Data extract:
■ ■ ■ ■ ■ ■ ■

(** Each condition says that [r] factors through a finite deterministic
    bottom-up computation on trees.  In a crisp-deterministic wta every sum
    defining [h_V] has a single non-zero summand (a product with a zero factor
    vanishes because [0] is absorbing), so without any distributivity the wta
    computes the final weight of the state reached by its unique run: it is a
    finite (Σ,B)-algebra.  A finite algebra has finite image and, read as a
    tree automaton, recognizes every fibre of [r]; the fibres over the
    distinct values form a step mapping in normal form.  Conversely, running
    the subset construction for automata of all the [L_i] of a recognizable
    step mapping [⊕ b_i ⊗ 1_{L_i}] in parallel gives a finite algebra whose
    state at [t] determines which [L_i] contain [t], hence [r t]. *)

From HB Require Import structures.
From mathcomp Require Import all_boot boolp.

Section BimonoidStructure.
Variable B : strong_bimonoid.

HB.instance Definition _ := Monoid.isComLaw.Build (sb_car B) (sb_zero B)
  (@sb_add B) (@sb_addA B) (@sb_addC B) (@sb_add0x B).
HB.instance Definition _ := Monoid.isLaw.Build (sb_car B) (sb_one B)
  (@sb_mul B) (@sb_mulA B) (@sb_mul1x B) (@sb_mulx1 B).
HB.instance Definition _ := gen_eqMixin (sb_car B).

Lemma big_mul_zero {I : eqType} {r : seq I} {F : I -> B} {i : I} :
  i \in r -> F i = sb_zero B ->
  \big[@sb_mul B/sb_one B]_(j <- r) F j = sb_zero B.
Proof.
by case/splitPr=> r1 r2 Fi0; rewrite big_cat big_cons /= Fi0 sb_mul0x sb_mulx0.
Qed.

End BimonoidStructure.

Lemma In_memP {X : eqType} {x : X} {s : seq X} : reflect (List.In x s) (x \in s).
Proof.
elim: s => [|y s IH] /=; first by constructor.
by rewrite in_cons; apply: (iffP orP) => [[/eqP ->|/IH]|[->|/IH]]; [left|right|left|right].
Qed.

Lemma In_nth {X : Type} {x : X} {s : seq X} :
  List.In x s -> exists2 i, i < size s & nth x s i = x.
Proof. by elim: s => //= y s IH [->|/IH [i lt_is s_i]]; [exists 0 | exists i.+1]. Qed.

Section TreeAutomata.
Variables (Sigma : finType) (rk : Sigma -> nat) (B : strong_bimonoid).

Local Notation T := (tree Sigma rk).
Local Notation "x (+) y" := (@sb_add B x y) (at level 50, left associativity).
Local Notation "x (x) y" := (@sb_mul B x y) (at level 40, left associativity).
Local Notation zero := (sb_zero B).
Local Notation one := (sb_one B).

Arguments FTA {Sigma rk}.
Arguments fta_Q {Sigma rk}.
Arguments fta_delta {Sigma rk}.
Arguments fta_F {Sigma rk}.
Arguments fta_reach {Sigma rk}.
Arguments fta_accepts {Sigma rk}.
Arguments recognizable {Sigma rk}.
Arguments WTA {Sigma rk B}.
Arguments wta_Q {Sigma rk B}.
Arguments wta_delta {Sigma rk B}.
Arguments wta_F {Sigma rk B}.
Arguments wta_hV {Sigma rk B}.
Arguments wta_sem_init {Sigma rk B}.
Arguments crisp_deterministic {Sigma rk B}.
Arguments SBAlg {Sigma rk B}.
Arguments alg_Q {Sigma rk B}.
Arguments alg_theta {Sigma rk B}.
Arguments alg_F {Sigma rk B}.
Arguments alg_h {Sigma rk B}.
Arguments alg_sem {Sigma rk B}.
Arguments finite_alg {Sigma rk B}.
Arguments indicator {Sigma rk B}.
Arguments rec_step_mapping {Sigma rk B}.
Arguments rec_step_mapping_nf {Sigma rk B}.
Arguments is_partition {Sigma rk}.
Arguments finite_image {Sigma rk B}.

Fixpoint tree_ind_nested (P : T -> Prop)
    (IH : forall s f, (forall i, P (f i)) -> P (Node s f)) (t : T) : P t :=
  match t with Node s f => IH s f (fun i => tree_ind_nested P IH (f i)) end.

Lemma recognizable_ext (L L' : T -> Prop) :
  (forall t, L t <-> L' t) -> recognizable L -> recognizable L'.
Proof. by move=> LL' [A accA]; exists A => t; rewrite -LL'. Qed.

Lemma alg_h_hom (K K' : sbalg Sigma rk B) (phi : alg_Q K' -> alg_Q K) :
  (forall s g, phi (alg_theta K' s g) = alg_theta K s (phi \o g)) ->
  forall t, phi (alg_h K' t) = alg_h K t.
Proof.
move=> phi_hom; elim/tree_ind_nested => s f IH /=.
by rewrite phi_hom; congr (alg_theta K s _); apply: funext => i /=.
Qed.

Definition fin_alg_computable (r : T -> B) : Prop :=
  exists (Q : finType) (theta : forall s, ('I_(rk s) -> Q) -> Q) (F : Q -> B),
    r = alg_sem (SBAlg Q theta F).

Section DeterministicWta.
Variables (A : wta Sigma rk B) (theta : forall s, ('I_(rk s) -> wta_Q A) -> wta_Q A).
Hypothesis delta_theta :
  forall s w q, wta_delta A s w q = if q == theta s w then one else zero.

Local Notation K := (SBAlg (wta_Q A) theta (wta_F A)).

Lemma wta_hV_det t q : wta_hV A t q = if q == alg_h K t then one else zero.
Proof.
elim/tree_ind_nested: t q => s f IH q /=.
pose w0 := [ffun i => alg_h K (f i)].
rewrite (bigD1 w0) //= [X in _ (+) X]big1 => [|w w_neq_w0].
  rewrite Monoid.mulm1 big1 => [|i _]; last by rewrite IH ffunE eqxx.
  rewrite sb_mul1x delta_theta; congr (if q == _ then _ else _).
  by congr (theta s _); apply: funext => i; rewrite ffunE.
have [i w_i] : exists i, w i != alg_h K (f i).
  apply/existsP; apply: contraR w_neq_w0 => /existsPn w_eq.
  by apply/eqP/ffunP => i; rewrite ffunE; apply/eqP/negPn/w_eq.
by rewrite (big_mul_zero _ (mem_index_enum i)) ?sb_mul0x // IH (negbTE w_i).
Qed.

Lemma wta_sem_det : wta_sem_init A = alg_sem K.
Proof.
apply: funext => t; rewrite /wta_sem_init (bigD1 (alg_h K t)) //=.
rewrite wta_hV_det eqxx sb_mul1x big1 ?Monoid.mulm1 // => q /negbTE q_neq.
by rewrite wta_hV_det q_neq sb_mul0x.
Qed.

End DeterministicWta.

Lemma crisp_deterministicP (A : wta Sigma rk B) : crisp_deterministic A ->
  exists theta : forall s, ('I_(rk s) -> wta_Q A) -> wta_Q A,
    forall s w q, wta_delta A s w q = if q == theta s w then one else zero.
Proof.
move=> crispA; exists (fun s g => sval (cid (crispA s (finfun g)))) => s w q.
rewrite ffunK; case: cid => q' /= [delta_q' delta_other].
by case: eqP => [->|/delta_other].
Qed.

Lemma crisp_wta_fin_alg (r : T -> B) :
  (exists A, crisp_deterministic A /\ r = wta_sem_init A) -> fin_alg_computable r.
Proof.
case=> A [/crisp_deterministicP [theta delta_theta] ->].
by exists (wta_Q A), theta, (wta_F A); apply: wta_sem_det.
Qed.

Section FiniteAlgebra.
Variables (Q : finType) (theta : forall s, ('I_(rk s) -> Q) -> Q) (F : Q -> B).

Local Notation K := (SBAlg Q theta F).

Definition alg_wta (q0 : Q) : wta Sigma rk B :=
  WTA Q (inhabits q0) (fun s w q => if q == theta s w then one else zero) F.

Lemma alg_wta_crisp q0 : crisp_deterministic (alg_wta q0).
Proof.
by move=> s w; exists (theta s w); split=> [|q /eqP /negbTE q_neq] /=; rewrite ?eqxx ?q_neq.
Qed.

Lemma alg_wta_sem q0 : wta_sem_init (alg_wta q0) = alg_sem K.
Proof. exact: wta_sem_det. Qed.

Lemma finite_alg_fintype : finite_alg K.
Proof. by exists (enum Q) => q; apply/In_memP; rewrite mem_enum. Qed.

Lemma finite_image_fin_alg : finite_image (alg_sem K).
Proof.
by exists [seq F q | q <- enum Q] => t; apply/In_memP/map_f; rewrite mem_enum.
Qed.

Lemma recognizable_alg_preim (P : pred Q) : recognizable (fun t => P (alg_h K t)).
Proof.
pose A := FTA Q (fun s w q => q == theta s w) P.
have reachA t q : fta_reach A t q <-> q = alg_h K t.
  elim/tree_ind_nested: t q => s f IH q /=; split.
    case=> w [w_reach /eqP ->]; congr (theta s _).
    by apply: funext => i; apply/IH.
  move=> ->; exists [ffun i => alg_h K (f i)]; split=> [i|].
    by rewrite ffunE; apply/IH.
  by apply/eqP; congr (theta s _); apply: funext => i; rewrite ffunE.
exists A => t; split=> [Pt|[q [/reachA -> //]]].
by exists (alg_h K t); split=> //; apply/reachA.
Qed.

End FiniteAlgebra.

Lemma fin_alg_crisp_wta (t0 : T) (r : T -> B) : fin_alg_computable r ->
  exists A, crisp_deterministic A /\ r = wta_sem_init A.
Proof.
case=> Q [theta [F ->]]; pose q0 := alg_h (SBAlg Q theta F) t0.
exists (alg_wta _ theta F q0).
by rewrite alg_wta_sem; split=> //; apply: alg_wta_crisp.
Qed.

Lemma fin_alg_finite_alg (r : T -> B) : fin_alg_computable r ->
  exists K, finite_alg K /\ r = alg_sem K.
Proof.
by case=> Q [theta [F ->]]; exists (SBAlg Q theta F); split; first exact: finite_alg_fintype.
Qed.

(* The carrier of a finite algebra is only a listed [Type]; re-index it by
   positions in the list to obtain a [finType]. *)
Lemma finite_alg_fin_alg (r : T -> B) :
  (exists K, finite_alg K /\ r = alg_sem K) -> fin_alg_computable r.
Proof.
case=> K [[e e_full] ->]; pose v (i : 'I_(size e)) := tnth (in_tuple e) i.
have v_onto x : exists i, v i = x.
  have [i lt_ie <-] := In_nth (e_full x).
  by exists (Ordinal lt_ie); rewrite /v (tnth_nth x).
pose index x := sval (cid (v_onto x)).
have indexK x : v (index x) = x by rewrite /index; case: cid.
pose K' := SBAlg 'I_(size e) (fun s g => index (alg_theta K s (v \o g))) (alg_F K \o v).
have v_hom : forall t, v (alg_h K' t) = alg_h K t.
  by apply: alg_h_hom => s g; apply: indexK.
exists 'I_(size e), (alg_theta K'), (alg_F K').
by apply: funext => t; rewrite /alg_sem -v_hom.
Qed.

Lemma fin_alg_preim (r : T -> B) : fin_alg_computable r ->
  finite_image r /\ forall b, recognizable (fun t => r t = b).
Proof.
case=> Q [theta [F ->]]; split=> [|b]; first exact: finite_image_fin_alg.
apply: recognizable_ext (recognizable_alg_preim _ theta F (fun q => F q == b)).
by move=> t; split=> /eqP.
Qed.

Lemma step_sum_partition {n} {b : 'I_n -> B} {L : 'I_n -> T -> bool} {t i} :
  is_partition n L -> L i t ->
  \big[@sb_add B/zero]_(j < n) (b j (x) indicator (L j) t) = b i.
Proof.
case=> L_disj _ Lit; rewrite (bigD1 i) //= /indicator Lit sb_mulx1.
rewrite big1 ?Monoid.mulm1 // => j /eqP j_neq_i.
by case: ifP => [Ljt|_]; [case: (L_disj j i t j_neq_i) | apply: sb_mulx0].
Qed.

Lemma preim_rec_step_nf (t0 : T) (r : T -> B) :
  finite_image r -> (forall b, recognizable (fun t => r t = b)) ->
  rec_step_mapping_nf r.
Proof.
case=> e r_in_e r_rec; pose s := in_tuple (undup e).
have r_in_s t : r t \in s.
  by have [i lt_ie <-] := In_nth (r_in_e t); rewrite mem_undup mem_nth.
have s_inj : injective (tnth s) by apply/tuple_uniqP/undup_uniq.
pose L i t := r t == tnth s i.
have L_part : is_partition _ L.
  split=> [i j t i_neq_j /eqP ri /eqP rj|t].
    by apply/i_neq_j/s_inj; rewrite -ri -rj.
  by have /tnthP [i ri] := r_in_s t; exists i; apply/eqP.
exists (size (undup e)), (tnth s), L; split.
  by have /tnthP [i _] := r_in_s t0; apply: leq_ltn_trans (leq0n i) (ltn_ord i).
split=> [i|]; first by apply: recognizable_ext (r_rec (tnth s i)) => t; split=> /eqP.
split=> // t; have /tnthP [i ri] := r_in_s t.
have Lit : L i t by apply/eqP.
by rewrite (step_sum_partition L_part Lit).
Qed.

Lemma rec_step_nfW (r : T -> B) : rec_step_mapping_nf r -> rec_step_mapping r.
Proof. by case=> n [b [L [? [? [_ ?]]]]]; exists n, b, L. Qed.

Section SubsetConstruction.
Variables (n : nat) (A : 'I_n -> fta Sigma rk).

Definition union_state := {i : 'I_n & fta_Q (A i)}.
Local Notation inU q := (Tagged (fun i => fta_Q (A i)) q : union_state).

Definition subset_theta s (g : 'I_(rk s) -> {set union_state}) : {set union_state} :=
  [set x : union_state | [exists w : {ffun 'I_(rk s) -> fta_Q (A (tag x))},
             [forall j, inU (w j) \in g j] && fta_delta (A (tag x)) s w (tagged x)]].

Definition has_final (S : {set union_state}) (i : 'I_n) : bool :=
  [exists q : fta_Q (A i), (inU q \in S) && fta_F (A i) q].

Variable F : {set union_state} -> B.
Local Notation K := (SBAlg {set union_state} subset_theta F).

Lemma mem_subset_run t x : x \in alg_h K t <-> fta_reach (A (tag x)) t (tagged x).
Proof.
elim/tree_ind_nested: t x => s f IH x /=; rewrite inE; split.
  case/existsP=> w /andP [/forallP w_run delta_w]; exists w; split=> // j.
  exact/(IH j (inU (w j)))/w_run.
case=> w [w_reach delta_w]; apply/existsP; exists w; rewrite delta_w andbT.
by apply/forallP => j; apply/(IH j (inU (w j)))/w_reach.
Qed.

Lemma has_final_run t i : has_final (alg_h K t) i <-> fta_accepts (A i) t.
Proof.
split=> [/existsP [q /andP [/mem_subset_run q_reach final_q]]|[q [q_reach final_q]]].
  by exists q.
by apply/existsP; exists q; rewrite final_q andbT; apply/mem_subset_run.
Qed.

End SubsetConstruction.

Arguments union_state {n}.
Arguments subset_theta {n}.
Arguments has_final {n}.
Arguments has_final_run {n A F t i}.

Lemma rec_step_fin_alg (r : T -> B) : rec_step_mapping r -> fin_alg_computable r.
Proof.
case=> n [b [L [_ [L_rec r_step]]]].
pose A i := sval (cid (L_rec i)).
have L_acc i t : L i t <-> fta_accepts (A i) t by rewrite /A; case: cid.
pose F S := \big[@sb_add B/zero]_(i < n)
              (b i (x) (if has_final A S i then one else zero)).
exists {set union_state A}, (subset_theta A), F.
apply: funext => t; rewrite r_step /alg_sem /=; apply: eq_bigr => i _.
rewrite /indicator; congr (_ (x) (if _ then _ else _)).
by apply/idP/idP => [/L_acc/has_final_run|/has_final_run/L_acc].
Qed.

End TreeAutomata.

Theorem lemma5p3 (Sigma : finType) (rk : Sigma -> nat)
    (hSigma0 : exists s : Sigma, rk s = 0)
    (B : strong_bimonoid) (r : tree Sigma rk -> B) :
  let P1 := exists A : wta Sigma rk B, crisp_deterministic Sigma rk B A /\ r = wta_sem_init Sigma rk B A in
  let P2 := exists K : sbalg Sigma rk B, finite_alg Sigma rk B K /\ r = alg_sem Sigma rk B K in
  let P3 := rec_step_mapping_nf Sigma rk B r in
  let P4 := rec_step_mapping Sigma rk B r in
  let P5 := finite_image Sigma rk B r /\
            forall b : B, recognizable Sigma rk (fun t => r t = b) in
  (P1 <-> P2) /\ (P1 <-> P3) /\ (P1 <-> P4) /\ (P1 <-> P5).
Proof.
move=> P1 P2 P3 P4 P5; have [s0 rk_s0] := hSigma0.
have t0 : tree Sigma rk by apply: (Node s0); rewrite rk_s0 => -[].
pose Fin := fin_alg_computable Sigma rk B r.
have P1_Fin : P1 -> Fin := @crisp_wta_fin_alg Sigma rk B r.
have Fin_P1 : Fin -> P1 := @fin_alg_crisp_wta Sigma rk B t0 r.
have P2_Fin : P2 -> Fin := @finite_alg_fin_alg Sigma rk B r.
have Fin_P2 : Fin -> P2 := @fin_alg_finite_alg Sigma rk B r.
have Fin_P5 : Fin -> P5 := @fin_alg_preim Sigma rk B r.
have P5_P3 : P5 -> P3 by case; apply: (@preim_rec_step_nf Sigma rk B t0 r).
have P3_P4 : P3 -> P4 := @rec_step_nfW Sigma rk B r.
have P4_Fin : P4 -> Fin := @rec_step_fin_alg Sigma rk B r.
tauto.
Qed.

■ ■ ■ ■ ■ ■ ■

Reproduce exactly the lines above from the line with "by rewrite (big_mul_zero" to the line with "exists theta : forall", including both, and add nothing.

Response for this exercise:
by rewrite (big_mul_zero _ (mem_index_enum i)) ?sb_mul0x // IH (negbTE w_i).
Qed.

Lemma wta_sem_det : wta_sem_init A = alg_sem K.
Proof.
apply: funext => t; rewrite /wta_sem_init (bigD1 (alg_h K t)) //=.
rewrite wta_hV_det eqxx sb_mul1x big1 ?Monoid.mulm1 // => q /negbTE q_neq.
by rewrite wta_hV_det q_neq sb_mul0x.
Qed.

End DeterministicWta.

Lemma crisp_deterministicP (A : wta Sigma rk B) : crisp_deterministic A ->
  exists theta : forall s, ('I_(rk s) -> wta_Q A) -> wta_Q A,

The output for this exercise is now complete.